Stored items
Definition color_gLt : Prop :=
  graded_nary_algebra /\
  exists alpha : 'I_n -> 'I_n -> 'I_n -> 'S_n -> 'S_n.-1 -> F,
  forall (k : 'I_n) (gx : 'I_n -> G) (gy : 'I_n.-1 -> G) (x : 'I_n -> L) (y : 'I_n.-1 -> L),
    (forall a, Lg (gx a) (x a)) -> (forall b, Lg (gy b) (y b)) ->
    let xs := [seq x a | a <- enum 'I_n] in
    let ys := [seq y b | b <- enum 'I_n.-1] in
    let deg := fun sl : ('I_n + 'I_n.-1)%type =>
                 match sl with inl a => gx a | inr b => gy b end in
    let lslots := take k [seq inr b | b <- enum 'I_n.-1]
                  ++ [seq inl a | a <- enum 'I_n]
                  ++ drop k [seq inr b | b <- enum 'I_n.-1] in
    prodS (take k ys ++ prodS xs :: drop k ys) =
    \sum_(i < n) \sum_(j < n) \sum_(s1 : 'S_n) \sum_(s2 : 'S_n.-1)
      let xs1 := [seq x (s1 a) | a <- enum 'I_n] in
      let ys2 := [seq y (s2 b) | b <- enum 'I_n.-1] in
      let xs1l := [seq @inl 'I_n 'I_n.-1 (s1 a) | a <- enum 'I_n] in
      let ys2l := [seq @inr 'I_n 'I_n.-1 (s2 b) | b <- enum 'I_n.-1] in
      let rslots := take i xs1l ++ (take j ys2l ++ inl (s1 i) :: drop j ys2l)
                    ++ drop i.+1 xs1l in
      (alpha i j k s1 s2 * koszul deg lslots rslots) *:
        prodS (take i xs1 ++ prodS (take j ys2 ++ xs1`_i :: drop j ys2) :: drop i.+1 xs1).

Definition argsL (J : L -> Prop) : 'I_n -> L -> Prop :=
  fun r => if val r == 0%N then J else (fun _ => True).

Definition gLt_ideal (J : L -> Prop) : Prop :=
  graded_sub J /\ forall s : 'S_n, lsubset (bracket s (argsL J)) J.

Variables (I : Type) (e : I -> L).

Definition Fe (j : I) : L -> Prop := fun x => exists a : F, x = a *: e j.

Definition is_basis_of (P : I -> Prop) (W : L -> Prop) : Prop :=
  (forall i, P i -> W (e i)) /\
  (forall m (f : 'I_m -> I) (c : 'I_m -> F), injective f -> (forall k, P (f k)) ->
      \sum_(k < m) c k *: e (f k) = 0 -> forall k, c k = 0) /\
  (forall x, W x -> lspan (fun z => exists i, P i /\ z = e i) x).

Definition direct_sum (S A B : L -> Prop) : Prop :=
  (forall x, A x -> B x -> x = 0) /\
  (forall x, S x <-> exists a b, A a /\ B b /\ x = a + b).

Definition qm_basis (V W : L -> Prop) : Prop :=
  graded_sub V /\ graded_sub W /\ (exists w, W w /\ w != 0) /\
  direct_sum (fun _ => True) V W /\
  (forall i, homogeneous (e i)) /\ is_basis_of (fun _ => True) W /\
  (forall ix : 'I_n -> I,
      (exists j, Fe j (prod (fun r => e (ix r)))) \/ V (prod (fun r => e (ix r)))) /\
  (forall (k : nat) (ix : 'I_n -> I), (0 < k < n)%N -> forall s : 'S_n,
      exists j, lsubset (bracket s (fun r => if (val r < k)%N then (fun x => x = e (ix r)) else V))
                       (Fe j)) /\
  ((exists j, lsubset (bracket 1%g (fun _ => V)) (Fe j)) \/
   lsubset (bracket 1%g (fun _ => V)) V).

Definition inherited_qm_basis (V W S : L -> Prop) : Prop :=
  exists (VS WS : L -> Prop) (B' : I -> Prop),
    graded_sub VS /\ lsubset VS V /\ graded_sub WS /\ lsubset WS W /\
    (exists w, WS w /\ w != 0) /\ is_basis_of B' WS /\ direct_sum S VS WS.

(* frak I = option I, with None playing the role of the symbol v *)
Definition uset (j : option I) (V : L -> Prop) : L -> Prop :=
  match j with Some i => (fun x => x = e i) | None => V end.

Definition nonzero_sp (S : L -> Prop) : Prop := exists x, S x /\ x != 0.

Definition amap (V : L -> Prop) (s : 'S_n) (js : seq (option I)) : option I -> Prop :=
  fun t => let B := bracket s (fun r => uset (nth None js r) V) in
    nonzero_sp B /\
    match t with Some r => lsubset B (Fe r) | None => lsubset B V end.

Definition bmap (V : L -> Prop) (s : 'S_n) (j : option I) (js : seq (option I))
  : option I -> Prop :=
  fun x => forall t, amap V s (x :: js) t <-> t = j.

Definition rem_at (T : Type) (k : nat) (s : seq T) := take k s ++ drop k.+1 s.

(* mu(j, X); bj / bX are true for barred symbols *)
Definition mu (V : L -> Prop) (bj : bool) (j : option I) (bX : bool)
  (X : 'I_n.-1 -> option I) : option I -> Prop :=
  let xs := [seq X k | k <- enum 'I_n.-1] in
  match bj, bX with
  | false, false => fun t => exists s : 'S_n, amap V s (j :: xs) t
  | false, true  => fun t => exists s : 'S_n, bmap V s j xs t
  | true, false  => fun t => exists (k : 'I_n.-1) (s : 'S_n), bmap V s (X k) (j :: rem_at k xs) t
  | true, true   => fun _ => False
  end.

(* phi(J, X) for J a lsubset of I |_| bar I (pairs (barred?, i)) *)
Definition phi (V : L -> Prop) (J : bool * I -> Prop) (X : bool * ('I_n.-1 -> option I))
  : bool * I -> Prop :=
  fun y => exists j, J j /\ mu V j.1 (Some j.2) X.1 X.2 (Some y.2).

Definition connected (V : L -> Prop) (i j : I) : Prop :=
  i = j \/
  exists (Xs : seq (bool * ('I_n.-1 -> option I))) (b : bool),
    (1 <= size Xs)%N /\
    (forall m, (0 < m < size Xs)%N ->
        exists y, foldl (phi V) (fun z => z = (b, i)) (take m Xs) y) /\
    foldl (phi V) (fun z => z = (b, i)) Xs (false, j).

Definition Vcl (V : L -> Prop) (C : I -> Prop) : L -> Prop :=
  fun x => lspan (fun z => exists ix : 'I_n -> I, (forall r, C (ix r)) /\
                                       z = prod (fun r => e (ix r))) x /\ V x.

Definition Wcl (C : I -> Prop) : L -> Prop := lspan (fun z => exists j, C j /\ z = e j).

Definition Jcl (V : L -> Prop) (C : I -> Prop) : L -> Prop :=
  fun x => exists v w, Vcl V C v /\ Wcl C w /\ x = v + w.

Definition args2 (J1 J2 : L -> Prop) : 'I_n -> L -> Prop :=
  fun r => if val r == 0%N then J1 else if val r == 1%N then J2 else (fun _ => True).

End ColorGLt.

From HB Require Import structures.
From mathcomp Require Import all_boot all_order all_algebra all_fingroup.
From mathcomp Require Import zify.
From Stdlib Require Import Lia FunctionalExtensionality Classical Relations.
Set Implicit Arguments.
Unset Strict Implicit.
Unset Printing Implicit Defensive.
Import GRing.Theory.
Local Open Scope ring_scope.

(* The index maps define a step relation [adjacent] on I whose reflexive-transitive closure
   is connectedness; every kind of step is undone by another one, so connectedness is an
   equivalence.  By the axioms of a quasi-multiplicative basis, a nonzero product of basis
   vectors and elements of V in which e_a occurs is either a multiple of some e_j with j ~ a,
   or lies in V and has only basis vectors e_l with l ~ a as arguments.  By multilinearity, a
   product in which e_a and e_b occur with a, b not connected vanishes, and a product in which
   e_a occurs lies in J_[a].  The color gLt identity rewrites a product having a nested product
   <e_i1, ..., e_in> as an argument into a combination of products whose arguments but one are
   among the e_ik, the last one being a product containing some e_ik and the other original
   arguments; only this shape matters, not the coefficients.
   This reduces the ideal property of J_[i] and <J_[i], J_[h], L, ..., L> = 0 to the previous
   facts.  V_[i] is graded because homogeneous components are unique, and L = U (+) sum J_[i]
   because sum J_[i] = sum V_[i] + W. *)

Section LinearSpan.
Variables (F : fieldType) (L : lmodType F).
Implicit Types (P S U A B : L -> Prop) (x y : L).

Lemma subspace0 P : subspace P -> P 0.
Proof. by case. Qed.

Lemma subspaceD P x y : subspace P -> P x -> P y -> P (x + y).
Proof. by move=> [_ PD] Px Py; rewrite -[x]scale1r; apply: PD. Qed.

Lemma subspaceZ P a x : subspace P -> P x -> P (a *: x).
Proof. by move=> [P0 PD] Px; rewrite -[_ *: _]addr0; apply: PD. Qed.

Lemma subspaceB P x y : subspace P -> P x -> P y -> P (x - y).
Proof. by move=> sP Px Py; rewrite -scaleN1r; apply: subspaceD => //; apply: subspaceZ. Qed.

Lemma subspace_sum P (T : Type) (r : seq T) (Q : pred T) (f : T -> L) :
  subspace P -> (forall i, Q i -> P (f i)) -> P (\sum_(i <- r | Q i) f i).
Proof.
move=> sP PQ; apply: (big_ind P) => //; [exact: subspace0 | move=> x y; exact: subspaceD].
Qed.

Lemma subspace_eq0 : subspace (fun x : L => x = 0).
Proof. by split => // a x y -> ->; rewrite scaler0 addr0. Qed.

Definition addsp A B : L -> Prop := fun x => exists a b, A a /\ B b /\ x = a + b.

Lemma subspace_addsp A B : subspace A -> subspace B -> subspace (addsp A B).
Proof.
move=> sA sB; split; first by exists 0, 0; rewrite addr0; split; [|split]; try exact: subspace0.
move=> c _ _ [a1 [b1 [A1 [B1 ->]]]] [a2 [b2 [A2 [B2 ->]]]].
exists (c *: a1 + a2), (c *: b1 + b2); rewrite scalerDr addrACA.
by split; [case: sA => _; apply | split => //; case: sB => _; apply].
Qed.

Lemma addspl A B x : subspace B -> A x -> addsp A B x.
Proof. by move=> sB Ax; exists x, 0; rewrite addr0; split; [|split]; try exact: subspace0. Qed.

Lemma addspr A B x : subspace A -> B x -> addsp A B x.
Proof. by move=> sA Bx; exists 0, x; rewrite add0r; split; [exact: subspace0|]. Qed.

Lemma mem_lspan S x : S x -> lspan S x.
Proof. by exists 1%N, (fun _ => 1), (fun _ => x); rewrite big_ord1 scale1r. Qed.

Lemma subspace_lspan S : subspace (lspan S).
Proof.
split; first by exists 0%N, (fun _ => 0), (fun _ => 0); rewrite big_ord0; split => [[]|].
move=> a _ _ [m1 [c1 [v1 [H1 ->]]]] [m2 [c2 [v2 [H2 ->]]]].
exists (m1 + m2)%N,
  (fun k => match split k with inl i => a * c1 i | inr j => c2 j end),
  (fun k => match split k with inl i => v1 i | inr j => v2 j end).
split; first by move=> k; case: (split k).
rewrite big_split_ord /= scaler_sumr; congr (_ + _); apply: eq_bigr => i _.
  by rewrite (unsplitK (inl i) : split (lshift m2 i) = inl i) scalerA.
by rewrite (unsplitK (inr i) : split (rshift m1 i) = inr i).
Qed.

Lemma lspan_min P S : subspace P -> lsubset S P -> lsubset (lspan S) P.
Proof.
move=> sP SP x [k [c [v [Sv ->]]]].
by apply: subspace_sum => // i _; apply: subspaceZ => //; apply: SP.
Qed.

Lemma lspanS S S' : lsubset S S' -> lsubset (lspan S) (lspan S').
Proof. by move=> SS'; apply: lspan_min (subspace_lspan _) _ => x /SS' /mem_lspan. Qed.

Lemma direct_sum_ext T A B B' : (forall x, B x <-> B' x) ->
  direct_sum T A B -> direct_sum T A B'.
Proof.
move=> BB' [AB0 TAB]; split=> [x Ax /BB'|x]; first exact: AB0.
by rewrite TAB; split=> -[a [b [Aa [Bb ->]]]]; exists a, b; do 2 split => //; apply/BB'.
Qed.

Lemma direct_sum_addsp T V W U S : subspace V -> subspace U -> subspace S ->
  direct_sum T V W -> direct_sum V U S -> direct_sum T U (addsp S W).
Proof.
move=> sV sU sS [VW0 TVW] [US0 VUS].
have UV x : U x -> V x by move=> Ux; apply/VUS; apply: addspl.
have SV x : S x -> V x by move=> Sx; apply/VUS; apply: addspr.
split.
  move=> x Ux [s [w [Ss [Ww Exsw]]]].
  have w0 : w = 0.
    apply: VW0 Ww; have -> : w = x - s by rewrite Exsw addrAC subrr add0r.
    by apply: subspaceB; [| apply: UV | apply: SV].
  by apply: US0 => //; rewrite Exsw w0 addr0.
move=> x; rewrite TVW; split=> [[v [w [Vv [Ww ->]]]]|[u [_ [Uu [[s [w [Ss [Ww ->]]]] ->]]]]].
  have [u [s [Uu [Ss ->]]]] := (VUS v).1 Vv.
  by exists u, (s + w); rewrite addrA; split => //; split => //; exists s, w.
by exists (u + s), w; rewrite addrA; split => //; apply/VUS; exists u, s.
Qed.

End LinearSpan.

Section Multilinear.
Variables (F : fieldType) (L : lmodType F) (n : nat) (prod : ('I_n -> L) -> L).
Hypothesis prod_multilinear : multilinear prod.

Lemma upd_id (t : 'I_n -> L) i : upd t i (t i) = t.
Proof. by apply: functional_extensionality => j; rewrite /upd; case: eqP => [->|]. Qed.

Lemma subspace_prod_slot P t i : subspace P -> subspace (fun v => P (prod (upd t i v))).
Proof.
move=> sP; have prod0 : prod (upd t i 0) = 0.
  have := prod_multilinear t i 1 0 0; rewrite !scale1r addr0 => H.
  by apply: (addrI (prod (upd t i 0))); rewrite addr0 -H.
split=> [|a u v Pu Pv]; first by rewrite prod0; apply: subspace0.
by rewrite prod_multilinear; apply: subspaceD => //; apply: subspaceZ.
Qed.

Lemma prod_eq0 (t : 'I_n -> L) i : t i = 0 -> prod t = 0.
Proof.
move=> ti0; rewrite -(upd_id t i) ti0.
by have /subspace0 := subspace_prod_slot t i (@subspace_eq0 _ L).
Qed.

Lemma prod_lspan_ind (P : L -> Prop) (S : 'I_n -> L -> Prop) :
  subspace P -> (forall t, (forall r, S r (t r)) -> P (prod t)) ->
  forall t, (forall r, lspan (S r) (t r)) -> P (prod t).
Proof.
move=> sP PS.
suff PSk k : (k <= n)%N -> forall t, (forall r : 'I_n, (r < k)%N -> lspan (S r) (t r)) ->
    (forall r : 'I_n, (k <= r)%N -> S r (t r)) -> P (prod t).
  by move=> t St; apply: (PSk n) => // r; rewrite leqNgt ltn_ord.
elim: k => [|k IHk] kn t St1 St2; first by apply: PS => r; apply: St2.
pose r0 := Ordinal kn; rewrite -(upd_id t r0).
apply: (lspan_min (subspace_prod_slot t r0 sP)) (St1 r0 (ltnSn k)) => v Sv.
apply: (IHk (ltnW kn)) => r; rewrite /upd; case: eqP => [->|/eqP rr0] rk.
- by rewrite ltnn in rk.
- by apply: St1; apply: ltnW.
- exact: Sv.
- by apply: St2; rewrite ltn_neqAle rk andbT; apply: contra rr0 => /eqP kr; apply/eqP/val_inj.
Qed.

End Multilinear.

Work order
Of the entries above, repeat exactly the lines from the line with "exists y, foldl" through the line with "fun x => lspan", both of them included.

Expected output
        exists y, foldl (phi V) (fun z => z = (b, i)) (take m Xs) y) /\
    foldl (phi V) (fun z => z = (b, i)) Xs (false, j).

Definition Vcl (V : L -> Prop) (C : I -> Prop) : L -> Prop :=
  fun x => lspan (fun z => exists ix : 'I_n -> I, (forall r, C (ix r)) /\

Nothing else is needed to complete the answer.